## Study material
# # # #
Lemma weight_wsection d (rho : hT -> Hd d) s ks (i : 'I_(d 0)) :
  ks != [::] -> ~~ pure_word s ks ->
  weight (srho rho) (wsection rho s ks i).1 (wsection rho s ks i).2 < weight rho s ks.
Proof.
move=> ne mixed; rewrite (weight_mixed rho ne mixed).
have d0 : 0 < d 0 by apply: leq_ltn_trans (ltn_ord i).
have a_pos := activity_pos rho s ne.
have w_le := weight_le (srho rho) (wsection rho s ks i).1 (wsection rho s ks i).2.
case: (ltngtP (activity rho s ks) 1) => [|a2|a1]; first lia.
  have [i1 [i2 [i12 p1 p2]]] := wsection_two_active d0 a2.
  pose F (k : 'I_(d 0)) := activity (srho rho) (wsection rho s ks k).1 (wsection rho s ks k).2.
  have : F i < \sum_(k < d 0) F k := lt_sum_two_pos i i12 p1 p2.
  by have := sum_wsection_activity rho s ks; rewrite /F; lia.
by have := weight_simple (srho rho) (wsection_simple i a1); rewrite a1.
Qed.

Lemma weval_sections_eeq d (rho : hT -> Hd d) (s s' : {perm 'I_(d 0)})
  (ks ks' : seq ((hT * fT) * {perm 'I_(d 0)})) :
  root_prod s ks = root_prod s' ks' ->
  (forall i : 'I_(d 0),
     eeq (sd d) (weval (srho rho) (wsection rho s ks i).1 (wsection rho s ks i).2)
                (weval (srho rho) (wsection rho s' ks' i).1 (wsection rho s' ks' i).2)) ->
  eeq d (weval rho s ks) (weval rho s' ks').
Proof.
move=> rp_eq sec_eq x x_valid; rewrite (pcons_eta x).
have xd : x 0 < d 0 := x_valid 0.
have [act2 act1] := section_state_act rho s ks xd (ptail x).
have [act2' act1'] := section_state_act rho s' ks' xd (ptail x).
have [E1 E2] := sec_eq (Ordinal xd) (ptail x) (fun j => x_valid j.+1).
rewrite act2 act2' act1 act1' !section_state_first rp_eq; split; first exact: E1.
by case=> [|j] //=; apply: E2.
Qed.

Lemma code_prefix_free n d (rho : hT -> Hd d) s s' ks ks' r r' :
  (forall j, 0 < d j) -> weight rho s ks < n -> weight rho s' ks' < n ->
  code n rho s ks ++ r = code n rho s' ks' ++ r' -> code n rho s ks = code n rho s' ks'.
Proof.
elim: n d rho s s' ks ks' r r' => [|n IH] d rho s s' ks ks' r r' d_pos w_lt w'_lt //.
case: (word_shapeP s ks) => [->|ne pure|ne mixed];
  rewrite ?code_nil ?(code_pure _ _ ne pure) ?(code_mixed _ _ ne mixed);
case: (word_shapeP s' ks') => [->|ne' pure'|ne' mixed'];
  rewrite ?code_nil ?(code_pure _ _ ne' pure') ?(code_mixed _ _ ne' mixed') !cat_cons;
  move=> -[head_eq]; rewrite ?head_eq //; try by move=> *; exfalso; lia.
move=> tail_eq; congr (_ :: flatten _); apply/eq_in_map.
apply: (flatten_prefix_free _ tail_eq) => i _ u u'; apply: IH.
- by move=> j; apply: d_pos.
- exact: leq_trans (weight_wsection rho i ne mixed) w_lt.
- exact: leq_trans (weight_wsection rho i ne' mixed') w'_lt.
Qed.

Lemma code_eval n d (rho : hT -> Hd d) s s' ks ks' :
  Hd_morph rho -> (forall j, 0 < d j) -> weight rho s ks < n -> weight rho s' ks' < n ->
  code n rho s ks = code n rho s' ks' -> eeq d (weval rho s ks) (weval rho s' ks').
Proof.
elim: n d rho s s' ks ks' => [|n IH] d rho s s' ks ks' morph d_pos w_lt w'_lt //.
case: (word_shapeP s ks) => [->|ne pure|ne mixed];
  rewrite ?code_nil ?(code_pure _ _ ne pure) ?(code_mixed _ _ ne mixed);
case: (word_shapeP s' ks') => [->|ne' pure'|ne' mixed'];
  rewrite ?code_nil ?(code_pure _ _ ne' pure') ?(code_mixed _ _ ne' mixed');
  move=> -[head_eq]; try by move=> *; exfalso; lia.
- have -> : s = s' by apply: perm_code_inj; lia.
  by move=> x _.
- rewrite !weval_pure //.
  have [-> ->] : word_hprod ks = word_hprod ks' /\ word_fprod ks = word_fprod ks'.
    by apply: hf_code_inj; lia.
  by move=> x _.
- move=> tail_eq; apply: weval_sections_eeq => [|i]; first by apply: perm_code_inj; lia.
  apply: IH.
  + exact: srho_morph.
  + by move=> j; apply: d_pos.
  + exact: leq_trans (weight_wsection rho i ne mixed) w_lt.
  + exact: leq_trans (weight_wsection rho i ne' mixed') w'_lt.
  + apply: (flatten_prefix_free _ (congr1 (cat^~ [::]) tail_eq) (mem_enum _ i)).
    move=> j _ u u'; apply: code_prefix_free.
    * by move=> k; apply: d_pos.
    * exact: leq_trans (weight_wsection rho j ne mixed) w_lt.
    * exact: leq_trans (weight_wsection rho j ne' mixed') w'_lt.
Qed.

Lemma code_size n D d (rho : hT -> Hd d) s ks :
  (forall j, 0 < d j <= D) -> weight rho s ks < n ->
  size (code n rho s ks) <= code_bound D (activity rho s ks).
Proof.
elim: n d rho s ks => [|n IH] d rho s ks dD w_lt //.
case: (word_shapeP s ks) => [->|ne pure|ne mixed]; first by rewrite code_nil.
  by rewrite (code_pure _ _ ne pure).
have [d0 d0D] := andP (dD 0).
rewrite (code_mixed _ _ ne mixed) /= size_flatten_enum.
have a_pos := activity_pos rho s ne.
case: (ltngtP (activity rho s ks) 1) => [|a2|a1]; first lia.
  have [i1 [i2 [i12 p1 p2]]] := wsection_two_active d0 a2.
  apply: leq_trans (sum_code_bound d0D (sum_wsection_activity rho s ks) i12 p1 p2).
  rewrite ltnS; apply: leq_sum => i _; apply: IH => [j|]; first exact: dD.
  exact: leq_trans (weight_wsection rho i ne mixed) w_lt.
apply: (@leq_trans (\sum_(i < d 0) 1).+1).
  by rewrite ltnS; apply: leq_sum => i _; apply/size_code_simple/wsection_simple.
by rewrite sum1_card card_ord a1 /code_bound /=; lia.
Qed.

Lemma code_alphabet n D m d (rho : hT -> Hd d) s ks :
  (forall j, d j <= D) -> #|hT| * #|fT| <= m ->
  all (fun x => x < 3 * (D`! + m) + 3) (code n rho s ks).
Proof.
move=> dD HF_m.
have perm_lt k (t : {perm 'I_k}) : k <= D -> perm_code t < D`!.
  by move=> kD; apply: leq_trans (leq_fact kD); rewrite /perm_code -card_Sn; apply: ltn_ord.
have hf_lt (a : hT) (f : fT) : hf_code a f < m.
  apply: leq_trans HF_m; rewrite /hf_code.
  apply: (@leq_trans ((enum_rank a).+1 * #|fT|)).
    by rewrite mulSn addnC ltn_add2r.
  by rewrite leq_mul2r ltn_ord orbT.
elim: n d rho s ks dD => [|n IH] d rho s ks dD //.
case: (word_shapeP s ks) => [->|ne pure|ne mixed].
- by rewrite code_nil /=; have := perm_lt _ s (dD 0); lia.
- by rewrite (code_pure _ _ ne pure) /=; have := hf_lt (word_hprod ks) (word_fprod ks); lia.
rewrite (code_mixed _ _ ne mixed) /=; apply/andP; split.
  by have := perm_lt _ (root_prod s ks) (dD 0); lia.
apply/allP => x /flattenP[u /mapP[i _ ->]].
exact: (allP (IH (sd d) (srho rho) _ _ (fun j => dD j.+1))).
Qed.

End Encoding.

Definition pad (L A : nat) (u : seq nat) : L.-tuple 'I_A.+1 :=
  [tuple (inord (nth A u j) : 'I_A.+1) | j < L].

Lemma pad_inj L A (u u' : seq nat) : size u <= L -> size u' <= L ->
  all (fun x => x < A) u -> all (fun x => x < A) u' -> pad L A u = pad L A u' -> u = u'.
Proof.
move=> uL u'L /allP uA /allP u'A e.
have nth_le (v : seq nat) j : (forall x, x \in v -> x < A) -> nth A v j <= A.
  move=> vA; case: (ltnP j (size v)) => jv; last by rewrite nth_default.
  exact/ltnW/vA/mem_nth.
have nth_eq j : nth A u j = nth A u' j.
  case: (ltnP j L) => jL; last by rewrite !nth_default // (leq_trans _ jL).
  have := congr1 (fun t => val (tnth t (Ordinal jL))) e.
  by rewrite /pad !tnth_mktuple /= !inordK // ltnS; apply: nth_le.
have size_eq : size u = size u'.
  case: (ltngtP (size u) (size u')) => // lt_size.
    by have := u'A _ (mem_nth A lt_size); rewrite -nth_eq nth_default ?ltnn.
  by have := uA _ (mem_nth A lt_size); rewrite nth_eq nth_default ?ltnn.
by apply: (eq_from_nth size_eq) => j _; apply: nth_eq.
Qed.

Lemma finite_representatives (W E : Type) (K : finType) (P : W -> Prop)
  (c : W -> K) (ev : W -> E) (R : E -> E -> Prop) (e0 : E) :
  (forall w w', P w -> P w' -> c w = c w' -> R (ev w) (ev w')) ->
  exists L : 'I_#|K| -> E, forall w, P w -> exists i, R (ev w) (L i).
Proof.
move=> c_det.
pose rep (k : K) : E :=
  if excluded_middle_informative (exists w, P w /\ c w = k) is left ex
  then ev (proj1_sig (constructive_indefinite_description _ ex)) else e0.
exists (fun i => rep (enum_val i)) => w Pw; exists (enum_rank (c w)).
rewrite enum_rankK /rep; case: excluded_middle_informative => [ex|[]]; last by exists w.
case: (constructive_indefinite_description _ ex) => w' [Pw' cw'] /=.
exact: c_det Pw Pw' (esym cw').
Qed.

Theorem mainTheorem5 (D m : nat) :
  exists C : nat,
    forall d : nat -> nat, (forall j, 2 <= d j <= D) ->
    forall (fT hT : finGroupType) (rho : hT -> Hd d),
      Hd_morph rho -> Hd_inj rho -> Hd_uniform rho ->
      #|hT| * #|fT| = m ->
      forall r : nat,
        exists (N : nat) (L : 'I_N -> elt fT),
          N <= C ^ maxn r 1 /\
          forall (s1 : {perm 'I_(d 0)}) (ks : seq ((hT * fT) * {perm 'I_(d 0)})),
            activity rho s1 ks <= r ->
            exists i : 'I_N, eeq d (weval rho s1 ks) (L i).
Proof.
pose A := 3 * (D`! + m) + 3.
exists (A.+1 ^ (2 * D.+1)) => d dD fT hT rho morph _ _ HF_m r.
have d_pos j : 0 < d j <= D by case/andP: (dD j) => /ltnW -> ->.
pose Lm := 2 * D.+1 * maxn r 1.
pose n := (2 * r).+1.
have code_ok (w : word fT hT d) : activity rho w.1 w.2 <= r ->
    [/\ weight rho w.1 w.2 < n, size (code n rho w.1 w.2) <= Lm
      & all (fun x => x < A) (code n rho w.1 w.2)].
  move=> a_le; split.
  - by have := weight_le rho w.1 w.2; rewrite /n; lia.
  - apply: leq_trans (code_bound_le D a_le).
    by apply: code_size => //; have := weight_le rho w.1 w.2; rewrite /n; lia.
  - by apply: code_alphabet => [j|]; [case/andP: (d_pos j) | rewrite HF_m].
have c_det (w w' : word fT hT d) :
    activity rho w.1 w.2 <= r -> activity rho w'.1 w'.2 <= r ->
    pad Lm A (code n rho w.1 w.2) = pad Lm A (code n rho w'.1 w'.2) ->
    eeq d (weval rho w.1 w.2) (weval rho w'.1 w'.2).
  move=> /code_ok[w_lt size_le sym] /code_ok[w'_lt size_le' sym'] /pad_inj.
  by move/(_ size_le size_le' sym sym'); apply: code_eval => // j; case/andP: (d_pos j).
have [L covers] := @finite_representatives _ _ (Lm.-tuple 'I_A.+1)
  (fun w => activity rho w.1 w.2 <= r) (fun w => pad Lm A (code n rho w.1 w.2))
  (fun w => weval rho w.1 w.2) (@eeq d fT) (eid fT) c_det.
exists _, L; split; first by rewrite card_tuple card_ord -expnM.
by move=> s1 ks a_le; apply: (covers (s1, ks)).
Qed.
# # # #
## Task instructions
Your answer should consist solely of the lines above from the line with "by rewrite ltnS;" to the line with "move=> dD HF_m.", both included, reproduced exactly.

## Solution for this task
  by rewrite ltnS; apply: leq_sum => i _; apply/size_code_simple/wsection_simple.
by rewrite sum1_card card_ord a1 /code_bound /=; lia.
Qed.

Lemma code_alphabet n D m d (rho : hT -> Hd d) s ks :
  (forall j, d j <= D) -> #|hT| * #|fT| <= m ->
  all (fun x => x < 3 * (D`! + m) + 3) (code n rho s ks).
Proof.
move=> dD HF_m.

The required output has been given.